Of the entries below, restate word for word only the section that runs from the line with "i.e. sign tensor" to the line with "Definition d2 (R", counting both ends.

-*-*-

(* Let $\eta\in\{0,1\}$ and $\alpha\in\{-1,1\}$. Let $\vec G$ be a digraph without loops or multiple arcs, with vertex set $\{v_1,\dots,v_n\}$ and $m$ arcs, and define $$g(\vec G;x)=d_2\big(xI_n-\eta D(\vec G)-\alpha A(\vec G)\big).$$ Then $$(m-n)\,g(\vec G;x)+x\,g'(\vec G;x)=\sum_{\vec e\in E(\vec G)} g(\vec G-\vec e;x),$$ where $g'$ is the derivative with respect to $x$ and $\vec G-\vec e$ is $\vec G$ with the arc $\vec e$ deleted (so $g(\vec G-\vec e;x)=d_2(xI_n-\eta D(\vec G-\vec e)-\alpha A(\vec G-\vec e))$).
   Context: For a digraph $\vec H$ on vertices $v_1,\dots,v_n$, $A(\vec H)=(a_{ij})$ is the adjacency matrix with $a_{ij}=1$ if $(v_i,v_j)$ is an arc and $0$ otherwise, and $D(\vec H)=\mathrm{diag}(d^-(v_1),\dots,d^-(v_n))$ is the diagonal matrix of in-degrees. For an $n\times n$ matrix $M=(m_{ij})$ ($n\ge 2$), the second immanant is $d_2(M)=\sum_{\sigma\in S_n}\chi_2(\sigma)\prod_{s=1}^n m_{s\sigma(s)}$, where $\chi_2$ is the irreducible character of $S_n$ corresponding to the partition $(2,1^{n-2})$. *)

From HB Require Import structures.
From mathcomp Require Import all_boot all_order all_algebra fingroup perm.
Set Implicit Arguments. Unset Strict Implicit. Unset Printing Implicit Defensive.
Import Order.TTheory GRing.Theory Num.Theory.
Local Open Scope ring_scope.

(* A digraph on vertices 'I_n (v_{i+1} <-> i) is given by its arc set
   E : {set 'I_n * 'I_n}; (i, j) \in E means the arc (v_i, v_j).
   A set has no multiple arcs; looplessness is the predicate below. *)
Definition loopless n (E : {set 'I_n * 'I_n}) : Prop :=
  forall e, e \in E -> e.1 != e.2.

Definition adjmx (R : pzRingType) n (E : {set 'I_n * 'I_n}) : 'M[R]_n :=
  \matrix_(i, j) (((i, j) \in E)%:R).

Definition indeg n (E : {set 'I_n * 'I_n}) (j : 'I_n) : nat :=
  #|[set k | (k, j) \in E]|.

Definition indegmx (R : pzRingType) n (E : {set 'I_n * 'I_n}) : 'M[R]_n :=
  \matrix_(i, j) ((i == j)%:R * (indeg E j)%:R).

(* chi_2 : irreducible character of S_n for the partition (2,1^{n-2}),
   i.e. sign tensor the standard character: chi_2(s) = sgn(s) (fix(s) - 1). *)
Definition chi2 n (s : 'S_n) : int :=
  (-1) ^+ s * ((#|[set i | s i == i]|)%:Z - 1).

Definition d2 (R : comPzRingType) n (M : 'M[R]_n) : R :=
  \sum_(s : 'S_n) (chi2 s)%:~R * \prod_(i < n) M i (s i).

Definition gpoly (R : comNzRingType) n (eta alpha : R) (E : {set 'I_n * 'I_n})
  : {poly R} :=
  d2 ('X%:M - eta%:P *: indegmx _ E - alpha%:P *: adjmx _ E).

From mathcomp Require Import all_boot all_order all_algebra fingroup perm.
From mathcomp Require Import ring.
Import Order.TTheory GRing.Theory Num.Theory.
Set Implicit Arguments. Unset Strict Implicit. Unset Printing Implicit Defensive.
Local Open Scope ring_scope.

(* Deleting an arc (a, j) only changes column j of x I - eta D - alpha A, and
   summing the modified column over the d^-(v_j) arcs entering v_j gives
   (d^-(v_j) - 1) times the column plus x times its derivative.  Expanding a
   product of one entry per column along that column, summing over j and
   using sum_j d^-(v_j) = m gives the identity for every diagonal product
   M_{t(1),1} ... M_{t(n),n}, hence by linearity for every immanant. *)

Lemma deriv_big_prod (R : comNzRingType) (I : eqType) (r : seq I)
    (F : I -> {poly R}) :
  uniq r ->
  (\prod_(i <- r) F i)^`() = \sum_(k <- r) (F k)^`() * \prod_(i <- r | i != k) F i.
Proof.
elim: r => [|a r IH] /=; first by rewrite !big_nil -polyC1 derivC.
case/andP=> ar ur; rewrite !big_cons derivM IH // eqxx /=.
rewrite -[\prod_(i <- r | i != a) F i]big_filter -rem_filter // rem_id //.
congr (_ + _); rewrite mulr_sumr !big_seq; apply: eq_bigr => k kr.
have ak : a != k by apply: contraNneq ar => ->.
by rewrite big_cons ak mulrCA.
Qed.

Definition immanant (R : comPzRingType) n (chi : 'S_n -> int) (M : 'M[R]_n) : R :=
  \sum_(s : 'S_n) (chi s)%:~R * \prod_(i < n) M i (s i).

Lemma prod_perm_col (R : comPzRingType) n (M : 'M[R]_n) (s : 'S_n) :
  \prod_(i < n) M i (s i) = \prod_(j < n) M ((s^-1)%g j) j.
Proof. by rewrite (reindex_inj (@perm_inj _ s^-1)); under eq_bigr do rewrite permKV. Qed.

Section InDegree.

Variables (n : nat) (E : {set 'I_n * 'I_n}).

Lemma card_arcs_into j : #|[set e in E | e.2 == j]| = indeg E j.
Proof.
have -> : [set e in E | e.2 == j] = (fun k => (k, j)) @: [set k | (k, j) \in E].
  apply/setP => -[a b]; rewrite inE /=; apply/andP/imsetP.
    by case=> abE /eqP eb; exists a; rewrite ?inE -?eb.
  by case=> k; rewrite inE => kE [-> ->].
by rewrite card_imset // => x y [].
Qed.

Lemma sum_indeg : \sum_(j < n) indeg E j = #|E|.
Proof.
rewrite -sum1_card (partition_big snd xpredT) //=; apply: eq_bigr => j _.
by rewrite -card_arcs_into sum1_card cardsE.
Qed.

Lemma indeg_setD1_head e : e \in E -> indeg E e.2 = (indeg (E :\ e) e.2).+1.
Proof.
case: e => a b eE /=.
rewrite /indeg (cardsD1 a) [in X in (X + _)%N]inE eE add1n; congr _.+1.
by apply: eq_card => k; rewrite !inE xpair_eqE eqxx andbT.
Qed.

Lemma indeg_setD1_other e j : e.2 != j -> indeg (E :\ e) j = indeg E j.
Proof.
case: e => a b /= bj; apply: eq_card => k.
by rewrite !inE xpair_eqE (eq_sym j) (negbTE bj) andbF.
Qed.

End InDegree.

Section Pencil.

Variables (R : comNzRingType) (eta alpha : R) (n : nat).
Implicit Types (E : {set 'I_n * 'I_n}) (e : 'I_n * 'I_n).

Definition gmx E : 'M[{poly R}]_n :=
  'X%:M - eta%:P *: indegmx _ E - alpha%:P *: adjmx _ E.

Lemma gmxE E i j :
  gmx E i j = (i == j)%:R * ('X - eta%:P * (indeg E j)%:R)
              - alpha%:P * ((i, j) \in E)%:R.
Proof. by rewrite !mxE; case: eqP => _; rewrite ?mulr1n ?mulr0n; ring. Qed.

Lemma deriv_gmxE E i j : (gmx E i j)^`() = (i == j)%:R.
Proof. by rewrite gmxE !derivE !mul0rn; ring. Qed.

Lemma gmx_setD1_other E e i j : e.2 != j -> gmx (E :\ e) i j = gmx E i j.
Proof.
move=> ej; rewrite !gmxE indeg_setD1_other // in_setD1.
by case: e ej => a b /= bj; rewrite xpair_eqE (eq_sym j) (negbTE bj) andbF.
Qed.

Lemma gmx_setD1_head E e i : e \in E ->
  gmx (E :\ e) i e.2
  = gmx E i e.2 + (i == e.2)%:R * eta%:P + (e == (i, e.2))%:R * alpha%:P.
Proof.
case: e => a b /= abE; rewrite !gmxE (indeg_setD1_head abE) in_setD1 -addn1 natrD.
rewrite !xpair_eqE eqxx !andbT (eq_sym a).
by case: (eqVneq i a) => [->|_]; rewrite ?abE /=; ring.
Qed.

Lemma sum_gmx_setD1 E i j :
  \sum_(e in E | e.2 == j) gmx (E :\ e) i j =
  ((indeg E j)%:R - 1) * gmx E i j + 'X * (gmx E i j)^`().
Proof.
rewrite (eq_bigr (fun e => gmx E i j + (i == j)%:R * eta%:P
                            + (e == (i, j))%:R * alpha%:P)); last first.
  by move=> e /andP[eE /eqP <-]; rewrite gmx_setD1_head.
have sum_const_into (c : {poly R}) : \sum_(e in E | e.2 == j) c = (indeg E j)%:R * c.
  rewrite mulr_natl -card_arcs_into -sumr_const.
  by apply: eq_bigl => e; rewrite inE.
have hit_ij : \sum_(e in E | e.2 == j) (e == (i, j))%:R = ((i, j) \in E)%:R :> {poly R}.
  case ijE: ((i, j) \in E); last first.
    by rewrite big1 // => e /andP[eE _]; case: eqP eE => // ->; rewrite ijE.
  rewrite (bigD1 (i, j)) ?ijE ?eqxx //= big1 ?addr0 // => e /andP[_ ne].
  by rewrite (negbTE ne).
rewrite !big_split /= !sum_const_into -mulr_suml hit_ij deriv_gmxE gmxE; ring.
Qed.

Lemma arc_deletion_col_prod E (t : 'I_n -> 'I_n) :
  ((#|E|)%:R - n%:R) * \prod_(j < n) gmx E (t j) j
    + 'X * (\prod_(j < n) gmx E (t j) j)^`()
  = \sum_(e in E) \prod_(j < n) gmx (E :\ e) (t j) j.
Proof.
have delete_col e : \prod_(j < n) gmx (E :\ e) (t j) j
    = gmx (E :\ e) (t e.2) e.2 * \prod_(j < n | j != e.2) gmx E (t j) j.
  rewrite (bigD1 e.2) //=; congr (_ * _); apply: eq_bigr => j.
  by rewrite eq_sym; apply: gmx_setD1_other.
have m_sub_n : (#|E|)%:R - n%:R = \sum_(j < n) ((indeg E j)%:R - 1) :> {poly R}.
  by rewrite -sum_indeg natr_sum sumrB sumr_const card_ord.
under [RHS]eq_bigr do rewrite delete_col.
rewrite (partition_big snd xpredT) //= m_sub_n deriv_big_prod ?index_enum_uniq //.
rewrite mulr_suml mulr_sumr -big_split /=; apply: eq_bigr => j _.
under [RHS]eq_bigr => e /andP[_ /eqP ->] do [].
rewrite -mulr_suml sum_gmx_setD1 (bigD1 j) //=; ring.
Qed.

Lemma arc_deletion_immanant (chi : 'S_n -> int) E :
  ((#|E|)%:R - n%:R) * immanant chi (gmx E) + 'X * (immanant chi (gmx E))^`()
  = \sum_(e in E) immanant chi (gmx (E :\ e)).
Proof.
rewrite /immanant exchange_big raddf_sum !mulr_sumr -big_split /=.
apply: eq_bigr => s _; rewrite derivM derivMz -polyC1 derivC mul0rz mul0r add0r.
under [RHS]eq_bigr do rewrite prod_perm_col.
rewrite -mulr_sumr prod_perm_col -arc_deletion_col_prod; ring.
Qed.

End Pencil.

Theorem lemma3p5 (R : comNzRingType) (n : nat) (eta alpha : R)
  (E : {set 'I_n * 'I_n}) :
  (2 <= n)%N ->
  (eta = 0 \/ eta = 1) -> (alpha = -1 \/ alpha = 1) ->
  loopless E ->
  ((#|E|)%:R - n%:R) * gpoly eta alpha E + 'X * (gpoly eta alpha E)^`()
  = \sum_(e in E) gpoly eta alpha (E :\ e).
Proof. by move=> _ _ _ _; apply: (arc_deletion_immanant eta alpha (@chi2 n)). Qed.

-*-*-

▶ TASK ANSWER
   i.e. sign tensor the standard character: chi_2(s) = sgn(s) (fix(s) - 1). *)
Definition chi2 n (s : 'S_n) : int :=
  (-1) ^+ s * ((#|[set i | s i == i]|)%:Z - 1).

Definition d2 (R : comPzRingType) n (M : 'M[R]_n) : R :=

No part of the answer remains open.